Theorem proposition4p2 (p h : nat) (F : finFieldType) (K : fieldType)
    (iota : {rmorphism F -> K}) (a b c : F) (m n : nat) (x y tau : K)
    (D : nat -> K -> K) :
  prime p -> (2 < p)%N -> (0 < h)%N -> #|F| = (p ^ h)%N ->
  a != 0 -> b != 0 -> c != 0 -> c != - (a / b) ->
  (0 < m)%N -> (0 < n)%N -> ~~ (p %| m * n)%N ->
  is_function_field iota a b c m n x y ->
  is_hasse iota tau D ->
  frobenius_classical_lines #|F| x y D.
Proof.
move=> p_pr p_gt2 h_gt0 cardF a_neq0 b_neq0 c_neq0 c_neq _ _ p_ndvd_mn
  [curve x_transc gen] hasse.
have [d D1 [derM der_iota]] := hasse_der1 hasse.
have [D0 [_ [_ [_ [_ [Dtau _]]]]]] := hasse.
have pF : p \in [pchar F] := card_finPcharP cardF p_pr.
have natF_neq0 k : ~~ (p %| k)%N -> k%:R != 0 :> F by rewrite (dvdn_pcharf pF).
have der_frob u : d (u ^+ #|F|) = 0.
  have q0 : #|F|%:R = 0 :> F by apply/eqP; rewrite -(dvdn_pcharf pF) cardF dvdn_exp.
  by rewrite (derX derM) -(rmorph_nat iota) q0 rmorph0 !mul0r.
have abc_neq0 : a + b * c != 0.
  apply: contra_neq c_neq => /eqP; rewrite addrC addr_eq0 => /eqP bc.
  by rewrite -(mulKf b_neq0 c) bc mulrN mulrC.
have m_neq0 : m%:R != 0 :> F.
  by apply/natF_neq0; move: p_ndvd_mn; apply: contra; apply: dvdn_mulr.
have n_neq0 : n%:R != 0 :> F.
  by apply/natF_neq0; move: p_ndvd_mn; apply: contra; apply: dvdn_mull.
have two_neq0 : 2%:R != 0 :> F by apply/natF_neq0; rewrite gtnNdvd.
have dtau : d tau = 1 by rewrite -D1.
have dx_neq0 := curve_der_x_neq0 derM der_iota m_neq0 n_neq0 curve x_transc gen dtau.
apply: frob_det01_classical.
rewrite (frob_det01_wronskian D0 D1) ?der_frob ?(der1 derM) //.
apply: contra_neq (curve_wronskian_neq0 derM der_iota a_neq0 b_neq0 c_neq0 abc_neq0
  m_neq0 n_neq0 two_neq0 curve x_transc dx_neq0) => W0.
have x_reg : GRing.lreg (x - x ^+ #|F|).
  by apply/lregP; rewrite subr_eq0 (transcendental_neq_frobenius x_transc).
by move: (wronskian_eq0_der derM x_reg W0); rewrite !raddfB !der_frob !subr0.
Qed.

###

* **PROBLEM REQUIREMENTS**: Reproduce the records above exactly, from the first line through the line containing "have natF_neq0 k", and output nothing else.

* **TASK RESULT**:
Theorem proposition4p2 (p h : nat) (F : finFieldType) (K : fieldType)
    (iota : {rmorphism F -> K}) (a b c : F) (m n : nat) (x y tau : K)
    (D : nat -> K -> K) :
  prime p -> (2 < p)%N -> (0 < h)%N -> #|F| = (p ^ h)%N ->
  a != 0 -> b != 0 -> c != 0 -> c != - (a / b) ->
  (0 < m)%N -> (0 < n)%N -> ~~ (p %| m * n)%N ->
  is_function_field iota a b c m n x y ->
  is_hasse iota tau D ->
  frobenius_classical_lines #|F| x y D.
Proof.
move=> p_pr p_gt2 h_gt0 cardF a_neq0 b_neq0 c_neq0 c_neq _ _ p_ndvd_mn
  [curve x_transc gen] hasse.
have [d D1 [derM der_iota]] := hasse_der1 hasse.
have [D0 [_ [_ [_ [_ [Dtau _]]]]]] := hasse.
have pF : p \in [pchar F] := card_finPcharP cardF p_pr.
have natF_neq0 k : ~~ (p %| k)%N -> k%:R != 0 :> F by rewrite (dvdn_pcharf pF).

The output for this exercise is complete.